Stored items
**********

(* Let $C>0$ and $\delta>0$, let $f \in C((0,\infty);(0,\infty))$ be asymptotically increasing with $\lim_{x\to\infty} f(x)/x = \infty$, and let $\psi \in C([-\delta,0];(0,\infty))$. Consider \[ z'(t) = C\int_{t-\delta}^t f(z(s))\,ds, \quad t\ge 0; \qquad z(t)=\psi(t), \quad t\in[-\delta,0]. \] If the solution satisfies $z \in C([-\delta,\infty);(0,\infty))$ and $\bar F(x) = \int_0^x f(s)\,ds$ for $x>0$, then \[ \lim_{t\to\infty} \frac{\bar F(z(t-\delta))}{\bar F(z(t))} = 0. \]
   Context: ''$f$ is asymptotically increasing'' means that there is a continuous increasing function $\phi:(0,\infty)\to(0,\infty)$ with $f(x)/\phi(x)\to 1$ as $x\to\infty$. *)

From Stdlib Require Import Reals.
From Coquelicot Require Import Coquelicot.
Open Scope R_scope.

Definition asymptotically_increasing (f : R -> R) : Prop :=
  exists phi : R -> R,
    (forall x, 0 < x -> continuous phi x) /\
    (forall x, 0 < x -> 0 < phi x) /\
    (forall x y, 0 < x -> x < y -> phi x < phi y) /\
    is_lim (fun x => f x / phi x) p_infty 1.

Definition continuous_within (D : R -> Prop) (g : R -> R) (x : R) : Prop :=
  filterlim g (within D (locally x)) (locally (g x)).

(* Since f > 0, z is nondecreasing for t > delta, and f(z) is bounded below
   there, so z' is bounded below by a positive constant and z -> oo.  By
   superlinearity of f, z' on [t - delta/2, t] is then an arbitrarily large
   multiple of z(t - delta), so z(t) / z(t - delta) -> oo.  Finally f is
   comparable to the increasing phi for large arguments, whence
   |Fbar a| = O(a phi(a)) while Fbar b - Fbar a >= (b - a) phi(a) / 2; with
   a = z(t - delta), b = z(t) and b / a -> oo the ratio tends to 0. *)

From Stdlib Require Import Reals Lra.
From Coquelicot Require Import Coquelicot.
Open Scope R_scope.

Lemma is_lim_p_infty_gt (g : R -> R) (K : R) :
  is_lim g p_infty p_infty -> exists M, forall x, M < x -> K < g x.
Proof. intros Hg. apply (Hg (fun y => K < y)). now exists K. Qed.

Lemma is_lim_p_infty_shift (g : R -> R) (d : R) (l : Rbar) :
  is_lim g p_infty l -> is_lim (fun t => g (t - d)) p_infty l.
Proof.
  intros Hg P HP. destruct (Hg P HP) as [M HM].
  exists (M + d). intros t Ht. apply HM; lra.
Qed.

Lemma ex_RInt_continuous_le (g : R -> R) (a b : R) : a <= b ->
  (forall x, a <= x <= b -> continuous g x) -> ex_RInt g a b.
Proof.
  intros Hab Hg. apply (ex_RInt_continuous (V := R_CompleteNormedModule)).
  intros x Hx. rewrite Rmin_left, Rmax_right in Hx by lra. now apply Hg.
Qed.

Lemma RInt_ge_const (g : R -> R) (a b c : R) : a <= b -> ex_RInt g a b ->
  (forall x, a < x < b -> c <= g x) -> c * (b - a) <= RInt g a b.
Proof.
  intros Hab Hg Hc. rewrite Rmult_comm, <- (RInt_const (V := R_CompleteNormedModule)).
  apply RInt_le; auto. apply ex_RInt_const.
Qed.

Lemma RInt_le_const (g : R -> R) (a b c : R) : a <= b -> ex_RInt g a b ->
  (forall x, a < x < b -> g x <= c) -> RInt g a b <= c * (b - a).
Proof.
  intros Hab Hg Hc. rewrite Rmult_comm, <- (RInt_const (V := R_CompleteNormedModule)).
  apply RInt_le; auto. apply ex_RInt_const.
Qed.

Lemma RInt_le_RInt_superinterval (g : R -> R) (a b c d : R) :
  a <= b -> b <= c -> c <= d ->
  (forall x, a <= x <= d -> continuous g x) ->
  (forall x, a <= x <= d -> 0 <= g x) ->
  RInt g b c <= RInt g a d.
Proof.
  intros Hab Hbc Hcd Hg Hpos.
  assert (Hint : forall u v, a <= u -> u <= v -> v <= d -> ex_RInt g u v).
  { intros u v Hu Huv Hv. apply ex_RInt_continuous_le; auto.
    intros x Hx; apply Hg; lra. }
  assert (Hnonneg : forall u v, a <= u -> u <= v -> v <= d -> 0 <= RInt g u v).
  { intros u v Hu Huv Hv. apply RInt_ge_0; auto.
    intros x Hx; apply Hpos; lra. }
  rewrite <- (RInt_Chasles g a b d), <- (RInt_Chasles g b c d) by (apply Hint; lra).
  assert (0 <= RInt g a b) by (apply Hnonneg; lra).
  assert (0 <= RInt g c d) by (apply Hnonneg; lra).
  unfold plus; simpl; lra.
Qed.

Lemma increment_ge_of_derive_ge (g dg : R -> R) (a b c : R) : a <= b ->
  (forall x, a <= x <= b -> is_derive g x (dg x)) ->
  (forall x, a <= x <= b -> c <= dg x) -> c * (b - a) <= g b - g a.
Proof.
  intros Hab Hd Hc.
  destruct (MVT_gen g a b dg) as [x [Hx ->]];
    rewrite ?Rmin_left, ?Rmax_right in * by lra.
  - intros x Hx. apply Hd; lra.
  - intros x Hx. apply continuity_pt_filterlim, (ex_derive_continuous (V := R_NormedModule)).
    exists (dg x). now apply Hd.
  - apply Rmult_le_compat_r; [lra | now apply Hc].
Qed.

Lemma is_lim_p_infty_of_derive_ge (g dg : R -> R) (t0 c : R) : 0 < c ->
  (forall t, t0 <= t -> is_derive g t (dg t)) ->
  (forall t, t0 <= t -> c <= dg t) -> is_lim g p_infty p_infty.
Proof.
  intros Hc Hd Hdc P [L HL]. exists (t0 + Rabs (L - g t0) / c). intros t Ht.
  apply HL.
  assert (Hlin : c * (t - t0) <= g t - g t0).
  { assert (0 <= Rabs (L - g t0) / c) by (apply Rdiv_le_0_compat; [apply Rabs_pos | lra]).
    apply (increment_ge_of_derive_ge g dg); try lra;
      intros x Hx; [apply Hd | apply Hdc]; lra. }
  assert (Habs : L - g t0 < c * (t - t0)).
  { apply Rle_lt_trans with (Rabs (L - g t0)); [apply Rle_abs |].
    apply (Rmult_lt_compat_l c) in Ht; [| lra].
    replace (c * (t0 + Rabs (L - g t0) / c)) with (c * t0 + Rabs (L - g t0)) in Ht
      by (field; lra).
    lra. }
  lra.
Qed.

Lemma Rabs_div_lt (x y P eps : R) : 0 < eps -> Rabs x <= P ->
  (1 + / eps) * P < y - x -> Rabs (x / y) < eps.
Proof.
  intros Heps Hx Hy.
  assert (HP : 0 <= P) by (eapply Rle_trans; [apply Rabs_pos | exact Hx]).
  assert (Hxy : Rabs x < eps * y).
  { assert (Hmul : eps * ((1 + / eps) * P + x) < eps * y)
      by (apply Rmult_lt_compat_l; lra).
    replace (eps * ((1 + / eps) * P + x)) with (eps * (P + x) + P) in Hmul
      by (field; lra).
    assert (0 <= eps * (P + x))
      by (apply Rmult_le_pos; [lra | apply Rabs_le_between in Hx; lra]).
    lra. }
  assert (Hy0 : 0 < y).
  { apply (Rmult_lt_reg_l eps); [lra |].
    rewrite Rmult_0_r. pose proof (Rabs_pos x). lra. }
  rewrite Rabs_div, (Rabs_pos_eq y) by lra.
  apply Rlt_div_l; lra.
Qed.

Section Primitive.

**********

The required response is a complete, exact copy of the records.

Answer box:
(* Let $C>0$ and $\delta>0$, let $f \in C((0,\infty);(0,\infty))$ be asymptotically increasing with $\lim_{x\to\infty} f(x)/x = \infty$, and let $\psi \in C([-\delta,0];(0,\infty))$. Consider \[ z'(t) = C\int_{t-\delta}^t f(z(s))\,ds, \quad t\ge 0; \qquad z(t)=\psi(t), \quad t\in[-\delta,0]. \] If the solution satisfies $z \in C([-\delta,\infty);(0,\infty))$ and $\bar F(x) = \int_0^x f(s)\,ds$ for $x>0$, then \[ \lim_{t\to\infty} \frac{\bar F(z(t-\delta))}{\bar F(z(t))} = 0. \]
   Context: ''$f$ is asymptotically increasing'' means that there is a continuous increasing function $\phi:(0,\infty)\to(0,\infty)$ with $f(x)/\phi(x)\to 1$ as $x\to\infty$. *)

From Stdlib Require Import Reals.
From Coquelicot Require Import Coquelicot.
Open Scope R_scope.

Definition asymptotically_increasing (f : R -> R) : Prop :=
  exists phi : R -> R,
    (forall x, 0 < x -> continuous phi x) /\
    (forall x, 0 < x -> 0 < phi x) /\
    (forall x y, 0 < x -> x < y -> phi x < phi y) /\
    is_lim (fun x => f x / phi x) p_infty 1.

Definition continuous_within (D : R -> Prop) (g : R -> R) (x : R) : Prop :=
  filterlim g (within D (locally x)) (locally (g x)).

(* Since f > 0, z is nondecreasing for t > delta, and f(z) is bounded below
   there, so z' is bounded below by a positive constant and z -> oo.  By
   superlinearity of f, z' on [t - delta/2, t] is then an arbitrarily large
   multiple of z(t - delta), so z(t) / z(t - delta) -> oo.  Finally f is
   comparable to the increasing phi for large arguments, whence
   |Fbar a| = O(a phi(a)) while Fbar b - Fbar a >= (b - a) phi(a) / 2; with
   a = z(t - delta), b = z(t) and b / a -> oo the ratio tends to 0. *)

From Stdlib Require Import Reals Lra.
From Coquelicot Require Import Coquelicot.
Open Scope R_scope.

Lemma is_lim_p_infty_gt (g : R -> R) (K : R) :
  is_lim g p_infty p_infty -> exists M, forall x, M < x -> K < g x.
Proof. intros Hg. apply (Hg (fun y => K < y)). now exists K. Qed.

Lemma is_lim_p_infty_shift (g : R -> R) (d : R) (l : Rbar) :
  is_lim g p_infty l -> is_lim (fun t => g (t - d)) p_infty l.
Proof.
  intros Hg P HP. destruct (Hg P HP) as [M HM].
  exists (M + d). intros t Ht. apply HM; lra.
Qed.

Lemma ex_RInt_continuous_le (g : R -> R) (a b : R) : a <= b ->
  (forall x, a <= x <= b -> continuous g x) -> ex_RInt g a b.
Proof.
  intros Hab Hg. apply (ex_RInt_continuous (V := R_CompleteNormedModule)).
  intros x Hx. rewrite Rmin_left, Rmax_right in Hx by lra. now apply Hg.
Qed.

Lemma RInt_ge_const (g : R -> R) (a b c : R) : a <= b -> ex_RInt g a b ->
  (forall x, a < x < b -> c <= g x) -> c * (b - a) <= RInt g a b.
Proof.
  intros Hab Hg Hc. rewrite Rmult_comm, <- (RInt_const (V := R_CompleteNormedModule)).
  apply RInt_le; auto. apply ex_RInt_const.
Qed.

Lemma RInt_le_const (g : R -> R) (a b c : R) : a <= b -> ex_RInt g a b ->
  (forall x, a < x < b -> g x <= c) -> RInt g a b <= c * (b - a).
Proof.
  intros Hab Hg Hc. rewrite Rmult_comm, <- (RInt_const (V := R_CompleteNormedModule)).
  apply RInt_le; auto. apply ex_RInt_const.
Qed.

Lemma RInt_le_RInt_superinterval (g : R -> R) (a b c d : R) :
  a <= b -> b <= c -> c <= d ->
  (forall x, a <= x <= d -> continuous g x) ->
  (forall x, a <= x <= d -> 0 <= g x) ->
  RInt g b c <= RInt g a d.
Proof.
  intros Hab Hbc Hcd Hg Hpos.
  assert (Hint : forall u v, a <= u -> u <= v -> v <= d -> ex_RInt g u v).
  { intros u v Hu Huv Hv. apply ex_RInt_continuous_le; auto.
    intros x Hx; apply Hg; lra. }
  assert (Hnonneg : forall u v, a <= u -> u <= v -> v <= d -> 0 <= RInt g u v).
  { intros u v Hu Huv Hv. apply RInt_ge_0; auto.
    intros x Hx; apply Hpos; lra. }
  rewrite <- (RInt_Chasles g a b d), <- (RInt_Chasles g b c d) by (apply Hint; lra).
  assert (0 <= RInt g a b) by (apply Hnonneg; lra).
  assert (0 <= RInt g c d) by (apply Hnonneg; lra).
  unfold plus; simpl; lra.
Qed.

Lemma increment_ge_of_derive_ge (g dg : R -> R) (a b c : R) : a <= b ->
  (forall x, a <= x <= b -> is_derive g x (dg x)) ->
  (forall x, a <= x <= b -> c <= dg x) -> c * (b - a) <= g b - g a.
Proof.
  intros Hab Hd Hc.
  destruct (MVT_gen g a b dg) as [x [Hx ->]];
    rewrite ?Rmin_left, ?Rmax_right in * by lra.
  - intros x Hx. apply Hd; lra.
  - intros x Hx. apply continuity_pt_filterlim, (ex_derive_continuous (V := R_NormedModule)).
    exists (dg x). now apply Hd.
  - apply Rmult_le_compat_r; [lra | now apply Hc].
Qed.

Lemma is_lim_p_infty_of_derive_ge (g dg : R -> R) (t0 c : R) : 0 < c ->
  (forall t, t0 <= t -> is_derive g t (dg t)) ->
  (forall t, t0 <= t -> c <= dg t) -> is_lim g p_infty p_infty.
Proof.
  intros Hc Hd Hdc P [L HL]. exists (t0 + Rabs (L - g t0) / c). intros t Ht.
  apply HL.
  assert (Hlin : c * (t - t0) <= g t - g t0).
  { assert (0 <= Rabs (L - g t0) / c) by (apply Rdiv_le_0_compat; [apply Rabs_pos | lra]).
    apply (increment_ge_of_derive_ge g dg); try lra;
      intros x Hx; [apply Hd | apply Hdc]; lra. }
  assert (Habs : L - g t0 < c * (t - t0)).
  { apply Rle_lt_trans with (Rabs (L - g t0)); [apply Rle_abs |].
    apply (Rmult_lt_compat_l c) in Ht; [| lra].
    replace (c * (t0 + Rabs (L - g t0) / c)) with (c * t0 + Rabs (L - g t0)) in Ht
      by (field; lra).
    lra. }
  lra.
Qed.

Lemma Rabs_div_lt (x y P eps : R) : 0 < eps -> Rabs x <= P ->
  (1 + / eps) * P < y - x -> Rabs (x / y) < eps.
Proof.
  intros Heps Hx Hy.
  assert (HP : 0 <= P) by (eapply Rle_trans; [apply Rabs_pos | exact Hx]).
  assert (Hxy : Rabs x < eps * y).
  { assert (Hmul : eps * ((1 + / eps) * P + x) < eps * y)
      by (apply Rmult_lt_compat_l; lra).
    replace (eps * ((1 + / eps) * P + x)) with (eps * (P + x) + P) in Hmul
      by (field; lra).
    assert (0 <= eps * (P + x))
      by (apply Rmult_le_pos; [lra | apply Rabs_le_between in Hx; lra]).
    lra. }
  assert (Hy0 : 0 < y).
  { apply (Rmult_lt_reg_l eps); [lra |].
    rewrite Rmult_0_r. pose proof (Rabs_pos x). lra. }
  rewrite Rabs_div, (Rabs_pos_eq y) by lra.
  apply Rlt_div_l; lra.
Qed.

Section Primitive.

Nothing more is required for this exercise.